Chi scrive in passato ha avuto momenti di fortissima polemica con Giacomo Mancini finiti persino in Tribunale.
Mancini mi citò in sede civile quando era deputato ed io ero, come sono adesso, un semplice dirigente dei DS, sentendosi diffamato da un mio intervento sulla stampa. La cosa finì con il mio pieno proscioglimento ma devo dire che la vissi piuttosto male, come un vero e proprio tentativo di intimidazione, visto che sempre ho condotto le mie polemiche politiche nel massimo rispetto delle persone.


Ci siamo ritrovati con Giacomo nel settembre del 2015, alla vigilia delle elezioni per il comune di Cosenza, in una iniziativa da lui organizzata nel cuore del Centro storico di Cosenza, a Largo Vergini, un luogo altamente simbolico per storia della sinistra cosentina. Mancini, lasciato il centrodestra si impegnò a costruire una lista a sostegno del candidato del PD a sindaco di Cosenza Carlo Guccione.
Non mi pare che all'epoca siano stati molti ad avere qualcosa da dire per la presenza di Mancini nella coalizione di centrosinistra, ma può essere che fossi distratto.

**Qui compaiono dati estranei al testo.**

(* Let $M_\varphi$ be a hyperbolic once-punctured torus bundle with fibre $S$. Then the image of the restriction map $r\colon X(M_\varphi)\to X(S)$ equals $X_\varphi(S)$. Moreover, $X_\varphi(S)$ contains at most finitely many characters of reducible representations.
   Context: $\pi_1(M_\varphi)=\langle t,a,b\mid t^{-1}at=\varphi(a), t^{-1}bt=\varphi(b)\rangle$ with $a,b$ free generators of $\pi_1(S)$, $t$ a meridian, and $\varphi_*\in\mathrm{SL}(2,\mathbb{Z})$ the induced map on $H_1(S)$, satisfying $|\operatorname{tr}\varphi_*|>2$. $X(N)$ denotes the $\mathrm{SL}(2,\mathbb{C})$-character variety. $X(S)\cong\mathbb{C}^3$ via $(\operatorname{tr}\rho(a),\operatorname{tr}\rho(b),\operatorname{tr}\rho(ab))$; $X_\varphi(S)$ is the fixed set of the polynomial automorphism of $X(S)$ induced by $\varphi$ ($\chi\mapsto\chi\circ\varphi$). $r$ is restriction to $\pi_1(S)$. *)

From HB Require Import structures.
From mathcomp Require Import all_boot all_order all_algebra.
From mathcomp Require Import Rstruct complex.
From Stdlib Require List.
Set Implicit Arguments. Unset Strict Implicit. Unset Printing Implicit Defensive.
Import Order.TTheory GRing.Theory Num.Theory.
Local Open Scope ring_scope.

Definition CC : Type := complex Rdefinitions.R.
Definition CCc : numClosedFieldType := CC.

(** Words in the free group F2 = <a, b> = pi_1(S).  A letter is
    (g, e): g = false for a, g = true for b; e = true means inverse. *)
Definition letter := (bool * bool)%type.
Definition word := seq letter.

Definition inv_letter (l : letter) : letter := (l.1, ~~ l.2).
Definition inv_word (w : word) : word := rev (map inv_letter w).

Definition reduce (w : word) : word :=
  foldr (fun l r => match r with
                    | l' :: r' => if l' == inv_letter l then r' else l :: r
                    | [::] => [:: l]
                    end) [::] w.

(** An endomorphism of F2 given by the images (pa, pb) of a and b. *)
Definition endo := (word * word)%type.

Definition subst_letter (phi : endo) (l : letter) : word :=
  let u := if l.1 then phi.2 else phi.1 in if l.2 then inv_word u else u.
Definition subst (phi : endo) (w : word) : word := flatten (map (subst_letter phi) w).

Definition gen_a : word := [:: (false, false)].
Definition gen_b : word := [:: (true, false)].

Definition is_F2_aut (phi : endo) : Prop :=
  exists psi : endo,
    reduce (subst phi (subst psi gen_a)) = gen_a /\
    reduce (subst phi (subst psi gen_b)) = gen_b /\
    reduce (subst psi (subst phi gen_a)) = gen_a /\
    reduce (subst psi (subst phi gen_b)) = gen_b.

Definition expsum (g : bool) (w : word) : int :=
  \sum_(l <- w | l.1 == g) (if l.2 then (-1) else 1).

(** phi_* in GL(2,Z): columns are the images of [a], [b] in H_1(S) = Z^2. *)
Definition phi_star (phi : endo) : 'M[int]_2 :=
  \matrix_(i < 2, j < 2)
    expsum (i != ord0) (if j == ord0 then phi.1 else phi.2).

Definition SL2 (A : 'M[CCc]_2) : Prop := \det A = 1.

Definition eval_letter (A B : 'M[CCc]_2) (l : letter) : 'M[CCc]_2 :=
  let X := if l.1 then B else A in if l.2 then invmx X else X.
Definition eval_word (A B : 'M[CCc]_2) (w : word) : 'M[CCc]_2 :=
  foldr (fun l M => eval_letter A B l *m M) 1%:M w.

Definition char_of (A B : 'M[CCc]_2) : word -> CCc :=
  fun w => \tr (eval_word A B w).

Definition XS (chi : word -> CCc) : Prop :=
  exists A B, SL2 A /\ SL2 B /\ chi = char_of A B.

Definition XS_fixed (phi : endo) (chi : word -> CCc) : Prop :=
  XS chi /\ forall w, chi (subst phi w) = chi w.

(** Representations of pi_1(M_phi) = <t,a,b | t^-1 a t = phi(a), t^-1 b t = phi(b)>
    into SL(2,C) are triples (T, A, B) satisfying the relations. *)
Definition rep_M (phi : endo) (T A B : 'M[CCc]_2) : Prop :=
  SL2 T /\ SL2 A /\ SL2 B /\
  invmx T *m A *m T = eval_word A B phi.1 /\
  invmx T *m B *m T = eval_word A B phi.2.

Definition restr_image (phi : endo) (chi : word -> CCc) : Prop :=
  exists T A B, rep_M phi T A B /\ chi = char_of A B.

(** A representation of F2 into SL(2,C) is reducible iff C^2 has an
    invariant line, i.e. A and B have a common eigenvector. *)
Definition reducible_rep (A B : 'M[CCc]_2) : Prop :=
  exists (v : 'cV[CCc]_2) (x y : CCc),
    v != 0 /\ A *m v = x *: v /\ B *m v = y *: v.

Definition reducible_char (chi : word -> CCc) : Prop :=
  exists A B, SL2 A /\ SL2 B /\ reducible_rep A B /\ chi = char_of A B.
Lemma pi2_gap_tight i j k : 0 < i -> i <= j -> j <= k -> k <= lstart pi ->
  pi2 pi i = pi2 pi k + 4 * (k - i) -> pi2 pi j = pi2 pi k + 4 * (k - j).
Proof.
move=> i0 ij jk kl eq_i.
have := pi2_gap i0 ij (leq_trans jk kl); have := pi2_gap (leq_trans i0 ij) jk kl; lia.
Qed.

Lemma marked1_add2 j : 0 < j <= lstart pi -> (pi2 pi j + 2) \in pi ->
  marked1 pi (pi2 pi j + 2) || marked1 pi (pi2 pi j).
Proof.
move=> jP /marked1_below[b /andP[b_le b_ge] m1b].
have b_ne : b != pi2 pi j + 1.
  apply: contraTneq (marked1_mem m1b) => ->; apply/negP => /(odd_lt_pi2 jP).
  by have := pi2_even jP; rewrite oddD => /negbTE->; lia.
have : b = pi2 pi j + 2 \/ b = pi2 pi j by lia.
by case=> <-; rewrite m1b ?orbT.
Qed.

Lemma start_type_defined j : 0 < j <= lstart pi ->
  exists2 T, T <> Sm1 & start_type pi j = Some T.
Proof.
move=> jP; rewrite start_typeE //.
case E: (start_step pi j) => [[T sig]|]; first by exists T; have [] := stype_step_spec E.
exfalso; apply: (stype_step_defined _ (marked1_add2 jP) E).
exact: marked1_below (pi2_mem jP).
Qed.

Lemma add2_mem_prev_S1 j : 0 < j <= lstart pi ->
  start_type pi j = Some S0 \/ start_type pi j = Some S1 -> (pi2 pi j + 2) \in pi ->
  [/\ 1 < j, pi2 pi j.-1 = pi2 pi j + 4 & start_type pi j.-1 = Some S1].
Proof.
move=> jP Tj add2_in; have /andP[j0 jl] := jP.
have v_even := pi2_even jP; have v_gt0 := part_gt0 (pi2_mem jP).
move: Tj; rewrite start_typeE //; case Ej: (start_step pi j) => [[T sig]|] /=; last by case.
have [_ sigE m1sig] := stype_step_spec Ej.
move=> T01; have {}T01 : T = S0 \/ T = S1 by case: T01 => [[]|[]]; auto.
have m1v2 : marked1 pi (pi2 pi j + 2).
  case/orP: (marked1_add2 jP add2_in) => // m1v.
  have [sig_lt conf] : sig < pi2 pi j /\ gg_conflict (pi2 pi j) sig.
    by rewrite /gg_conflict (negbTE v_even); case: T01 sigE => -> -> /=; lia.
  by rewrite (negbTE (marked1_conflict sig_lt conf m1v)) in m1sig.
have sig_prev : start_sigma pi j.-1 = Some (pi2 pi j + 2).
  apply/eqP/contraT => sig_ne.
  by move: (stype_step_S2 (j == 1) m1v2 sig_ne); rewrite -/(start_step pi j) Ej; case: T01 => ->.
have j1 : 1 < j.
  rewrite ltn_neqAle j0 andbT; apply/eqP => j_eq1.
  by move: sig_prev; rewrite -j_eq1 start_sigma0.
have jP' : 0 < j.-1 <= lstart pi by apply/andP; split; lia.
have gap : pi2 pi j + 4 <= pi2 pi j.-1.
  by have := pi2_gap (j := j.-1) (j' := j) (andP jP').1 (leq_pred j) jl; lia.
move: sig_prev; rewrite start_sigmaE //.
case Ep: (start_step pi j.-1) => [[T' sig']|] //= [sig'E].
have [_ sig'_def _] := stype_step_spec Ep; rewrite sig'E in sig'_def.
case: T' Ep sig'_def => Ep /= w_eq; try lia.
by split; [| lia | rewrite start_typeE // Ep].
Qed.

Lemma start_type_S2S j : 0 < j -> j < lstart pi -> pi2 pi j = pi2 pi j.+1 + 4 ->
  start_type pi j = Some S2 -> start_type pi j.+1 = Some S2.
Proof.
move=> j0 jl gap; have jP : 0 < j <= lstart pi by rewrite j0 ltnW.
have x_even := pi2_even jP.
rewrite !start_typeE //; case Ej: (start_step pi j) => [[T sig]|] //= [TS2].
have [_ sigE m1sig] := stype_step_spec Ej; rewrite TS2 /= in sigE.
rewrite /start_step /= start_sigmaE // Ej /= sigE.
apply: stype_step_S2; last by apply/eqP; case; lia.
have [b /andP[b_le b_ge] m1b] := marked1_below (pi2_mem jP).
have b_ne_x : b != pi2 pi j.
  apply: contraTneq m1b => ->; apply: (marked1_conflict (a := pi2 pi j + 2)).
  - lia.
  - by rewrite /gg_conflict; case: ifP; lia.
  - by rewrite -sigE.
have b_ne_x1 : b != pi2 pi j - 1.
  apply: contraTneq (marked1_mem m1b) => ->; apply/negP => /(odd_lt_pi2 (j := j.+1)).
  by rewrite jl; move: x_even; lia.
by have -> : pi2 pi j.+1 + 2 = b by lia.
Qed.

Lemma start_type_S2_chain i j : 0 < i -> i <= j -> j <= lstart pi ->
  pi2 pi i = pi2 pi j + 4 * (j - i) ->
  start_type pi i = Some S2 -> start_type pi j = Some S2.
Proof.
move=> i0 ij; rewrite -(subnK ij); move: (j - i) => d {j ij}.
elim: d i i0 => [|d IH] i i0 jl; rewrite addnK => eq_i Ti //.
rewrite addSnnS in jl eq_i *.
have eq_i1 : pi2 pi i.+1 = pi2 pi (d + i.+1) + 4 * (d + i.+1 - i.+1).
  by apply: (pi2_gap_tight i0 (leqnSn i) (leq_addl _ _) jl); lia.
by apply: IH => //; apply: start_type_S2S => //; lia.
Qed.

End StartingTypes.

Theorem lemma2p13 (k r p t : nat) (pi : seq nat) :
  3 <= r -> r <= k ->
  inCeq k r p t pi ->
  pi2x pi p.+1 = EFin (2 * t + 2) ->
  forall s : nat,
    s_prop pi p s ->
    (forall s' : nat, 0 < s' -> s' < s -> ~ s_prop pi p s') ->
    (pi2 pi s + 2) \notin pi /\
    (forall i : nat, 0 < i -> i < s ->
       ((pi2 pi i)%:Z = (pi2 pi p.+1)%:Z + 4 * (p%:Z - i%:Z + 1))%R ->
       start_type pi i = Some S3).
Proof.
move=> _ _ [[partition _] _] _ s [s0 sN sZ Ts] s_min.
have sl : 0 < s <= lstart pi by case: Ts => /start_type_le_lstart; apply.
have s_propE j : 0 < j -> j < s -> pi2 pi j = pi2 pi s + 4 * (s - j) ->
    start_type pi j = Some S0 \/ start_type pi j = Some S1 -> s_prop pi p j.
  by move=> j0 js eq_j Tj; split => //; lia.
split.
  apply/negP => add2_in.
  have [s_gt1 prev_eq prev_S1] := add2_mem_prev_S1 partition sl Ts add2_in.
  by apply: (s_min s.-1); [lia | lia | apply: s_propE; [lia | lia | lia | right]].
move=> i i0 lt_is iZ.
have iE : pi2 pi i = pi2 pi s + 4 * (s - i) by lia.
have il : 0 < i <= lstart pi by lia.
have [[] T_def Ti //] := start_type_defined partition il.
- by case: (s_min i) => //; apply: s_propE => //; left.
- by case: (s_min i) => //; apply: s_propE => //; right.
- have := start_type_S2_chain partition i0 (ltnW lt_is) (andP sl).2 iE Ti.
  by case: Ts => ->.
Qed.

Oggi Giacomo è candidato, espressione di una delle liste che sostengono la coalizione di centrosinistra in Italia nel collegio di Cosenza, un collegio certamente non sicuro. Avrebbe potuto starsene a casa, magari aiutare Orsomarso sottobanco per subentrargli come consigliere regionale. Ha scelto invece di mettersi in gioco per affermare nettamente il carattere strategico della sua scelta di campo. E riportare la storia dei Mancini nella sua collocazione naturale, a sinistra.


Dopo gli errori del passato un atto di coraggio, che sarebbe da apprezzare. Ed io lo apprezzo, da uomo da sempre di sinistra. Tutti possono sbagliare: l'importante è assumersene le responsabilità. Giacomo lo ha fatto.
Pertanto gli lascerei fare la sua campagna elettorale in pace, con la sua faccia e la sua storia. E magari parlare di altri atti di vera incoerenza, come quella di un sottosegretario in carica del governo Gentiloni che candida suo figlio nelle liste di Forza Italia. Non dopo anni o in un'altra elezione, ma ora, in queste elezioni.
Perché, in politica, una cosa altrettanto insopportabile del trasformismo è lo strabismo.